Immer wieder sind Privilegien für Bundesparlamentarier ein Aufreger. Und oft sind den Kritikern die 1.-Klass-Generalabonnements (GA), die alle Parlamentarier erhalten, ein Dorn im Auge. Plus Gratis-Parking auf allen SBB-Parkplätzen in der Schweiz, versteht sich.
SVP-Nationalrat Lukas Reimann (35) wollte dem einen Riegel schieben. Ginge es nach ihm, erhielten die Mitglieder von National- und Ständerat nur noch ein 2.-Klass-GA. Damit liessen sich 600'000 Franken sparen. «Ein starkes Signal ans Volk, dass man gewillt ist, selbst einen Beitrag zur Erhaltung des Budgets zu leisten», so Reimann 2016, als er seine Motion einreichte.
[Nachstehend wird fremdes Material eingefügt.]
(* Let $A\colon X\to Y$ be a compact linear operator between separable Hilbert spaces with infinite-dimensional range, where $X=L^2(\mathcal{M})$, with singular value decomposition $Ax=\sum_{n=1}^\infty\sigma_n\langle x,v_n\rangle_X u_n$. Let $(c_n)_{n\in\mathbb{N}}$ be real numbers with $c_n\ge c_0>0$ for all $n$, and for $\alpha>0$ let $T^c_\alpha y=\sum_{n=1}^\infty\frac{\sigma_n}{\sigma_n^2+\alpha c_n}\langle y,u_n\rangle_Y v_n$. Let $$U=\Big\{y\in Y:\ \sum_{n=1}^\infty\frac{|\langle y,u_n\rangle_Y|}{\sigma_n}\|v_n\|_{L^\infty(\mathcal{M})}<\infty\Big\}.$$ Then for every $y\in U$, $$\|A^\dagger y-T^c_\alpha y\|_{L^\infty(\mathcal{M})}\to 0\qquad\text{as }\alpha\to0.$$
   Context: $\mathcal{M}$ is a measure space; $\|v_n\|_{L^\infty(\mathcal{M})}$ may be $+\infty$ (with the usual convention $0\cdot\infty=0$ in the defining sum of $U$). The SVD consists of orthonormal systems $(u_n)$ in $Y$ and $(v_n)$ in $X$ and a non-increasing sequence $(\sigma_n)$ of positive reals with $\sigma_n\to0$. The pseudoinverse is $A^\dagger y=\sum_{n}\sigma_n^{-1}\langle y,u_n\rangle_Y v_n$ for $y$ with $\sum_n\sigma_n^{-2}|\langle y,u_n\rangle_Y|^2<\infty$. *)

From HB Require Import structures.
From mathcomp Require Import all_boot all_order all_algebra.
From mathcomp Require Import all_classical all_reals all_analysis.
Set Implicit Arguments. Unset Strict Implicit. Unset Printing Implicit Defensive.
Import Order.TTheory GRing.Theory Num.Theory.
Import numFieldNormedType.Exports.
Local Open Scope classical_set_scope.
Local Open Scope ring_scope.

Definition inner_product_on (R : realType) (Y : normedModType R)
    (ip : Y -> Y -> R) : Prop :=
  [/\ (forall (a : R) (x y z : Y), ip (a *: x + y) z = a * ip x z + ip y z),
      (forall x y : Y, ip x y = ip y x) &
      (forall y : Y, ip y y = `|y| ^+ 2)].

Definition separable_space (T : topologicalType) : Prop :=
  exists D : set T, countable D /\ closure D = setT.

Definition is_L2 d (M : measurableType d) (R : realType)
    (mu : {measure set M -> \bar R}) (f : M -> R) : Prop :=
  measurable_fun setT f /\ (\int[mu]_x ((f x) ^+ 2)%:E < +oo)%E.

Definition L2ip d (M : measurableType d) (R : realType)
    (mu : {measure set M -> \bar R}) (f g : M -> R) : R :=
  Rintegral mu setT (fun x => f x * g x).

Definition L2_orthonormal d (M : measurableType d) (R : realType)
    (mu : {measure set M -> \bar R}) (v : nat -> M -> R) : Prop :=
  (forall n, is_L2 mu (v n)) /\
  (forall n m, L2ip mu (v n) (v m) = (n == m)%:R).

Definition ip_orthonormal (R : realType) (Y : Type) (ip : Y -> Y -> R)
    (u : nat -> Y) : Prop :=
  forall n m, ip (u n) (u m) = (n == m)%:R.

Definition is_L2_series d (M : measurableType d) (R : realType)
    (mu : {measure set M -> \bar R}) (v : nat -> M -> R) (b : nat -> R)
    (F : M -> R) : Prop :=
  is_L2 mu F /\
  ((fun N => \int[mu]_x (((F x - \sum_(n < N) b n * v n x) ^+ 2)%:E))
     @ \oo --> 0%E)%E.

Definition Linf_norm d (M : measurableType d) (R : realType)
    (mu : {measure set M -> \bar R}) (f : M -> R) : \bar R :=
  Lnorm mu +oo%E (EFin \o f).

From HB Require Import structures.
From mathcomp Require Import all_boot all_order all_algebra.
From mathcomp Require Import all_classical all_reals all_analysis.
From mathcomp Require Import ess_sup_inf measurable_realfun ring lra.
Import Order.TTheory GRing.Theory Num.Theory.
Import numFieldNormedType.Exports.
Local Open Scope classical_set_scope.
Local Open Scope ring_scope.

(* Write b_n = <y, u_n> / sigma_n.  The coefficients of A^dagger y - T^c_alpha y are
   e_n(alpha) b_n with the filter defect e_n(alpha) = alpha c_n / (sigma_n^2 + alpha c_n),
   which lies in [0, 1] and is at most alpha c_n / sigma_n^2.  As y is in U, the majorants
   t_n = |b_n| ||v_n||_oo are summable, so the partial sums of the difference are bounded
   a.e. by alpha * sum_(n < K) c_n t_n / sigma_n^2 + sum_(n >= K) t_n: small for K large,
   then alpha small.  The L^2 limits of the partial sums inherit such an a.e. bound, since
   by Markov's inequality almost every point has partial sums arbitrarily close to both
   limits. *)

Section ae_bounds.
Context {d} {M : measurableType d} {R : realType} (mu : {measure set M -> \bar R}).

Lemma ae_exists_lt_of_integral_cvg0 (g : nat -> M -> R) (a : R) : 0 < a ->
  (forall N, measurable_fun setT (g N)) -> (forall N x, 0 <= g N x) ->
  ((fun N => \int[mu]_x (g N x)%:E) @ \oo --> 0)%E ->
  \forall x \ae mu, exists N, g N x < a.
Proof.
move=> a0 mg g0 cg.
pose W N := setT `&` [set x | a%:E <= `|(g N x)%:E|]%E.
have mgE N : measurable_fun setT (EFin \o g N) by exact/measurable_EFinP.
have mW N : measurable (W N).
  by apply: emeasurable_fun_c_infty => //; exact: measurableT_comp (mgE N).
have W0 : mu (\bigcap_N W N) = 0%E.
  apply/eqP; rewrite eq_le measure_ge0 andbT.
  rewrite -(@pmule_rle0 _ a%:E) ?lte_fin //; apply: (cvge_to_ge cg).
  apply: nearW => N; apply: (@le_trans _ _ (a%:E * mu (W N))%E).
    apply: lee_wpmul2l; first by rewrite lee_fin ltW.
    apply: le_measure; rewrite ?inE //; first exact: bigcapT_measurable.
    by move=> x Wx; exact: Wx N I.
  apply: le_trans (le_integral_abse mu measurableT (mgE N) a0) _.
  by rewrite (eq_integral (fun x => (g N x)%:E)) // => x _;
    rewrite gee0_abs ?lee_fin.
exists (\bigcap_N W N); split => //; first exact: bigcapT_measurable.
move=> x /= /forallNP noN N _; split => //=.
by rewrite lee_fin ger0_norm // leNgt; apply/negP/noN.
Qed.

Lemma L2_limits_ae_close (F G : M -> R) (S T : nat -> M -> R) (r delta : R) :
  0 < delta ->
  measurable_fun setT F -> measurable_fun setT G ->
  (forall N, measurable_fun setT (S N)) -> (forall N, measurable_fun setT (T N)) ->
  ((fun N => \int[mu]_x (((F x - S N x) ^+ 2)%:E)) @ \oo --> 0)%E ->
  ((fun N => \int[mu]_x (((G x - T N x) ^+ 2)%:E)) @ \oo --> 0)%E ->
  (\forall x \ae mu, forall N, `|S N x - T N x| <= r) ->
  \forall x \ae mu, `|F x - G x| <= r + delta.
Proof.
move=> delta0 mF mG mS mT cF cG hST.
pose g N x := (F x - S N x) ^+ 2 + (G x - T N x) ^+ 2.
have mg N : measurable_fun setT (g N).
  by apply: measurable_funD; apply: measurable_funX; exact: measurable_funB.
have g0 N x : 0 <= g N x by rewrite addr_ge0 ?sqr_ge0.
have msq (h k : M -> R) : measurable_fun setT h -> measurable_fun setT k ->
    measurable_fun setT (fun x => ((h x - k x) ^+ 2)%:E).
  by move=> mh mk; apply/measurable_EFinP; apply: measurable_funX; exact: measurable_funB.
have cg : ((fun N => \int[mu]_x (g N x)%:E) @ \oo --> 0)%E.
  rewrite -[0%E]adde0; under eq_fun => N.
    rewrite (eq_integral _ _ (fun x _ => EFinD _ _)) ge0_integralD //;
      try by [move=> x _; rewrite lee_fin sqr_ge0 | exact: msq].
    over.
  exact: cvgeD.
have hdelta : 0 < (delta / 2) ^+ 2 by rewrite exprn_gt0 // divr_gt0.
apply: filterS2 hST (ae_exists_lt_of_integral_cvg0 _ _ hdelta mg g0 cg).
move=> x hx [N hN].
have small (z w : R) : z ^+ 2 + w ^+ 2 < (delta / 2) ^+ 2 -> `|z| < delta / 2.
  move=> zw; rewrite -ltr_sqr ?nnegrE ?normr_ge0 ?divr_ge0 ?ltW //.
  by rewrite real_normK ?num_real //; apply: le_lt_trans zw; rewrite lerDl sqr_ge0.
have hF : `|F x - S N x| < delta / 2 by exact: small hN.
have hG : `|G x - T N x| < delta / 2 by apply: (small _ (F x - S N x)); rewrite addrC.
have hS := hx N.
have -> : F x - G x = (F x - S N x) + (S N x - T N x) - (G x - T N x) by ring.
apply: le_trans (ler_normB _ _) _; apply: le_trans (lerD (ler_normD _ _) (lexx _)) _.
lra.
Qed.

Lemma Linf_norm_ae_ge (f : M -> R) :
  \forall x \ae mu, (`|f x|%:E <= Linf_norm mu f)%E.
Proof.
rewrite /Linf_norm unlock /=; case: ifPn => [_|mu0].
  by apply: filterS (ess_sup_ge mu (abse \o (EFin \o f))) => x.
exists setT; split => //.
by apply/eqP; rewrite eq_le measure_ge0 andbT leNgt.
Qed.

Lemma Linf_norm_le (f : M -> R) (r : R) : 0 <= r ->
  (\forall x \ae mu, `|f x| <= r) -> (Linf_norm mu f <= r%:E)%E.
Proof.
move=> r0 fr; rewrite /Linf_norm unlock /=; case: ifPn => _; last by rewrite lee_fin.
by apply/ess_supP; apply: filterS fr => x; rewrite /= lee_fin.
Qed.

End ae_bounds.

Lemma nneseries_tail_le {R : realType} (t : nat -> R) (eps : R) :
  (forall n, 0 <= t n) -> (\sum_(0 <= n <oo) (t n)%:E < +oo)%E -> 0 < eps ->
  exists K, forall N, \sum_(K <= n < N) t n <= eps.
Proof.
move=> t0 tfin eps0.
have tail0 := nneseries_tail_cvg tfin (fun n _ => t0 n).
have [K _ hK] := tail0 _ (nbhs_open_ereal_lt (f := fun=> eps) eps0).
exists K => N; rewrite -lee_fin -sumEFin.
apply: le_trans (nneseries_lim_ge _ _) (ltW (hK K (leqnn K))) => n _ _.
by rewrite lee_fin.
Qed.

Lemma sum_damped_le {R : numDomainType} (e t q : nat -> R) (K N : nat) :
  (forall n, 0 <= t n) -> (forall n, 0 <= e n <= 1) -> (forall n, e n * t n <= q n) ->
  \sum_(n < N) e n * t n <= \sum_(n < K) q n + \sum_(K <= n < N) t n.
Proof.
move=> t0 e01 etq.
have et0 n : 0 <= e n * t n by rewrite mulr_ge0 // (andP (e01 n)).1.
have q0 n : 0 <= q n by exact: le_trans (etq n).
rewrite -(big_mkord xpredT (fun n => e n * t n)) -(big_mkord xpredT q).
have [NK|KN] := leqP N K.
  rewrite [\sum_(K <= n < N) _]big_geq // addr0.
  rewrite [X in _ <= X](big_cat_nat (n:=N)) //= -[X in X <= _]addr0.
  by apply: lerD; [exact: ler_sum | exact: sumr_ge0].
rewrite [X in X <= _](big_cat_nat (n:=K)) ?(ltnW KN) //=.
apply: lerD; first exact: ler_sum.
by apply: ler_sum => n _; rewrite ler_piMl // (andP (e01 n)).2.
Qed.

Lemma cvge0_near_le {T : Type} {F : set_system T} {FF : Filter F}
    {R : realType} (f : T -> \bar R) :
  (forall x, 0 <= f x)%E ->
  (forall eps : R, 0 < eps -> \forall x \near F, (f x <= eps%:E)%E) ->
  (f @ F --> 0)%E.
Proof.
move=> f0 fle; apply/fine_cvgP; split.
  by apply: filterS (fle 1 ltr01) => x fx; rewrite ge0_fin_numE // (le_lt_trans fx) ?ltry.
apply/cvgrPdist_le => eps eps0; apply: filterS (fle eps eps0) => x fx /=.
have fxfin : f x \is a fin_num by rewrite ge0_fin_numE // (le_lt_trans fx) ?ltry.
by rewrite sub0r normrN ger0_norm ?fine_ge0 // -lee_fin fineK.
Qed.

Section damped_series.
Context {d} {M : measurableType d} {R : realType} (mu : {measure set M -> \bar R}).
Variables (v : nat -> M -> R) (b k : nat -> R) (e : R -> nat -> R).
Hypothesis mv : forall n, measurable_fun setT (v n).
Hypothesis e01 : forall a n, 0 < a -> 0 <= e a n <= 1.
Hypothesis e_le : forall a n, 0 < a -> e a n <= a * k n.
Hypothesis sum_fin :
  (\sum_(0 <= n <oo) (`|b n|%:E * Linf_norm mu (v n)) < +oo)%E.
Variables (F : M -> R) (G : R -> M -> R).
Hypothesis F_series : is_L2_series mu v b F.
Hypothesis G_series :
  forall a, 0 < a -> is_L2_series mu v (fun n => (1 - e a n) * b n) (G a).

Let t n := fine (`|b n|%:E * Linf_norm mu (v n)).

Let tE n : (t n)%:E = (`|b n|%:E * Linf_norm mu (v n))%E.
Proof.
have term0 m : (0 <= `|b m|%:E * Linf_norm mu (v m))%E by rewrite mule_ge0 ?Lnorm_ge0.
rewrite fineK // ge0_fin_numE //; apply: le_lt_trans sum_fin.
rewrite (@nneseriesD1 R _ n xpredT) //; exact/leeDl/nneseries_ge0.
Qed.

Let t0 n : 0 <= t n.
Proof. by rewrite -lee_fin tE mule_ge0 ?Lnorm_ge0. Qed.

Let t_fin : (\sum_(0 <= n <oo) (t n)%:E < +oo)%E.
Proof. by under eq_eseriesr do rewrite tE. Qed.

Let k0 n : 0 <= k n.
Proof.
have /andP[e0 _] := e01 1 n ltr01.
by rewrite -[k n]mul1r; exact: le_trans e0 (e_le 1 n ltr01).
Qed.

Let term_ae_le : \forall x \ae mu, forall n, `|b n * v n x| <= t n.
Proof.
apply: ae_foralln => n; apply: filterS (Linf_norm_ae_ge mu (v n)) => x vx.
by rewrite -lee_fin tE normrM EFinM lee_wpmul2l.
Qed.

Lemma damped_series_ae_le (a delta B : R) (K : nat) : 0 < a -> 0 < delta ->
  (forall N, \sum_(K <= n < N) t n <= B) ->
  \forall x \ae mu, `|F x - G a x| <= a * \sum_(n < K) k n * t n + B + delta.
Proof.
move=> a0 delta0 tailB; have [[mF _] cF] := F_series; have [[mG _] cG] := G_series a a0.
have mS (c : nat -> R) N : measurable_fun setT (fun x => \sum_(n < N) c n * v n x).
  by apply: measurable_sum => n; apply: measurable_funM.
apply: (L2_limits_ae_close mu F (G a) (fun N x => \sum_(n < N) b n * v n x)
  (fun N x => \sum_(n < N) (1 - e a n) * b n * v n x) _ _ delta0 mF mG (mS b)
  (mS (fun n => (1 - e a n) * b n)) cF cG).
apply: filterS term_ae_le => x bv N; rewrite -sumrB.
under eq_bigr => n _.
  rewrite (_ : _ - _ = e a n * (b n * v n x)); last by ring.
  over.
apply: le_trans (ler_norm_sum _ _ _) _.
have ea0 n : 0 <= e a n by have /andP[] := e01 a n a0.
apply: (@le_trans _ _ (\sum_(n < N) e a n * t n)).
  apply: ler_sum => n _; rewrite normrM ger0_norm //; exact: ler_wpM2l.
apply: le_trans (sum_damped_le (e a) t (fun n => a * (k n * t n)) K N t0
  (fun n => e01 a n a0) _) _.
  by move=> n; rewrite mulrA; apply: ler_wpM2r; [exact: t0 | exact: e_le].
by rewrite mulr_sumr lerD.
Qed.

Lemma damped_series_Linf_cvg0 :
  (Linf_norm mu (fun x => F x - G a x)%R @[a --> 0^'+] --> 0)%E.
Proof.
apply: cvge0_near_le => [a|eps eps0]; first exact: Lnorm_ge0.
have eps3 : 0 < eps / 3 by rewrite divr_gt0.
have [K tailK] := nneseries_tail_le _ _ t0 t_fin eps3.
pose Q := \sum_(n < K) k n * t n.
have Q1 : 0 < Q + 1 by rewrite ltr_wpDl // sumr_ge0 // => n _; rewrite mulr_ge0.
near=> a.
have a0 : 0 < a by near: a; exact: nbhs_right_gt.
have aQ : a * Q <= eps / 3.
  have : a < eps / 3 / (Q + 1) by near: a; apply: nbhs_right_lt; rewrite divr_gt0.
  rewrite ltr_pdivlMr // => /ltW; apply: le_trans.
  by rewrite ler_pM2l // lerDl ler01.
apply: (Linf_norm_le mu); first exact: ltW.
apply: filterS (damped_series_ae_le a (eps / 3) (eps / 3) K a0 eps3 tailK) => x.
by move=> /le_trans; apply; rewrite -/Q; lra.
Unshelve. all: by end_near.
Qed.

End damped_series.

Theorem theorem4p3
  (R : realType) (d : measure_display) (M : measurableType d)
  (mu : {measure set M -> \bar R})
  (Y : completeNormedModType R) (ip : Y -> Y -> R)
  (A : (M -> R) -> Y)
  (sigma : nat -> R) (u : nat -> Y) (v : nat -> M -> R)
  (c : nat -> R) (c0 : R) :
  inner_product_on ip ->
  separable_space Y ->
  (* singular value decomposition of A : L^2(mu) -> Y *)
  ip_orthonormal ip u ->
  L2_orthonormal mu v ->
  (forall n, 0 < sigma n) ->
  {homo sigma : m n / (m <= n)%N >-> n <= m} ->
  sigma @ \oo --> 0 ->
  (forall f, is_L2 mu f ->
     (fun N => \sum_(n < N) (sigma n * L2ip mu f (v n)) *: u n) @ \oo --> A f) ->
  (* weights *)
  0 < c0 -> (forall n, c0 <= c n) ->
  forall y : Y,
  (* y in U *)
  (\sum_(0 <= n <oo) ((`|ip y (u n)| / sigma n)%:E * Linf_norm mu (v n))
     < +oo)%E ->
  (* F represents A^dagger y, G alpha represents T^c_alpha y *)
  forall (F : M -> R) (G : R -> M -> R),
  is_L2_series mu v (fun n => ip y (u n) / sigma n) F ->
  (forall alpha, 0 < alpha ->
     is_L2_series mu v
       (fun n => sigma n / (sigma n ^+ 2 + alpha * c n) * ip y (u n)) (G alpha)) ->
  (Linf_norm mu (fun x => F x - G alpha x)%R @[alpha --> 0^'+] --> 0%E)%E.
Proof.
move=> _ _ _ [vL2 _] sig0 _ _ _ c00 c0c y yU F G F_series G_series.
pose e a n := a * c n / (sigma n ^+ 2 + a * c n).
have cpos n : 0 < c n := lt_le_trans c00 (c0c n).
have den a n : 0 < a -> 0 < sigma n ^+ 2 + a * c n.
  by move=> a0; rewrite ltr_wpDl ?sqr_ge0 ?mulr_gt0.
have e01 a n : 0 < a -> 0 <= e a n <= 1.
  move=> a0; have ac0 : 0 <= a * c n by rewrite mulr_ge0 ?ltW.
  by rewrite divr_ge0 ?(ltW (den a n a0)) //= ler_pdivrMr ?den // mul1r lerDr sqr_ge0.
have e_le a n : 0 < a -> e a n <= a * (c n / sigma n ^+ 2).
  move=> a0; have ac0 : 0 <= a * c n by rewrite mulr_ge0 ?ltW.
  by rewrite mulrA ler_wpM2l // lef_pV2 ?posrE ?den ?exprn_gt0 // lerDl.
apply: (damped_series_Linf_cvg0 mu v (fun n => ip y (u n) / sigma n) _ e
  (fun n => (vL2 n).1) e01 e_le _ F G F_series).
- by under eq_eseriesr => n _ do rewrite normrM normfV (gtr0_norm (sig0 n)).
- move=> a a0; have := G_series a a0; congr is_L2_series; apply: funext => n.
  have := den a n a0; have := sig0 n; rewrite /e => s0 d0.
  by field; rewrite !gt_eqF.
Qed.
Reimanns Motion hatte zwei Schönheitsfehler
Nur: Der Vorstoss, der diesen Donnerstag im Nationalrat mit 154 Nein- zu 28 Ja-Stimmen und neun Enthaltungen versenkt wurde, hatte zwei Mankos:
Erstens kam er zu spät. Bekanntlich schrieb die letztjährige Rechnung des Bundes einen Gewinn von fast drei Milliarden Franken. Die Parlamentarier sehen sich offenbar nicht mehr zu Sparsamkeit veranlasst.
Und zweitens hatte Reimann mit seiner Motion auch die GA der Kaderangestellten von Bund, SBB und dem Verband öffentlicher Verkehr im Visier. Diese erhalten den ÖV-Freipass als Lohn- oder Spesenbestandteil.
Wie sich aber ihr Einkommen zusammensetzt, dazu habe das Parlament nichts zu sagen, befand der Bundesrat. Dafür seien die jeweiligen Arbeitgeber zuständig. Ausserdem hätten die Bundesangestellten in der 1. Klasse mehr Ruhe und mehr Platz zum Arbeiten.
Kälin möchte das Ende der 1. Klasse bei den SBB
Just dieses Argument kommt einem bekannt vor. Mit genau diesem wurde die Grünen-Nationalrätin Irène Kälin (31) Ende Januar von den Parlamentsdiensten abgespiesen. Die Aargauerin rutschte im November 2017 in den Nationalrat nach und wollte ausdrücklich ein 2.-Klass-GA, wie die «Aargauer Zeitung» berichtete.
Kälin enthielt sich gestern der Stimme zur Motion, wie der Aargauer SVP-Nationalrat Andreas Glarner (55) sofort verbreitete. Das Argument der Lenzburgerin: Die Politik dürfte den SBB nicht in die Lohnverhandlungen reinreden und die GA seien ein Lohnbestandteil.
An ihr 1.-Klass-Privileg will sie sich aber überhaupt nicht gewöhnen. Sie wird deshalb einen eigenen Vorstoss nur zur Abschaffung der 1.-Klass-GA für Parlamentarier einreichen.
Denn die 1. Klasse findet sie grundsätzlich störend. Den grosszügigen Raum könnten 2.-Klass-Reisende in Stosszeiten gut gebrauchen.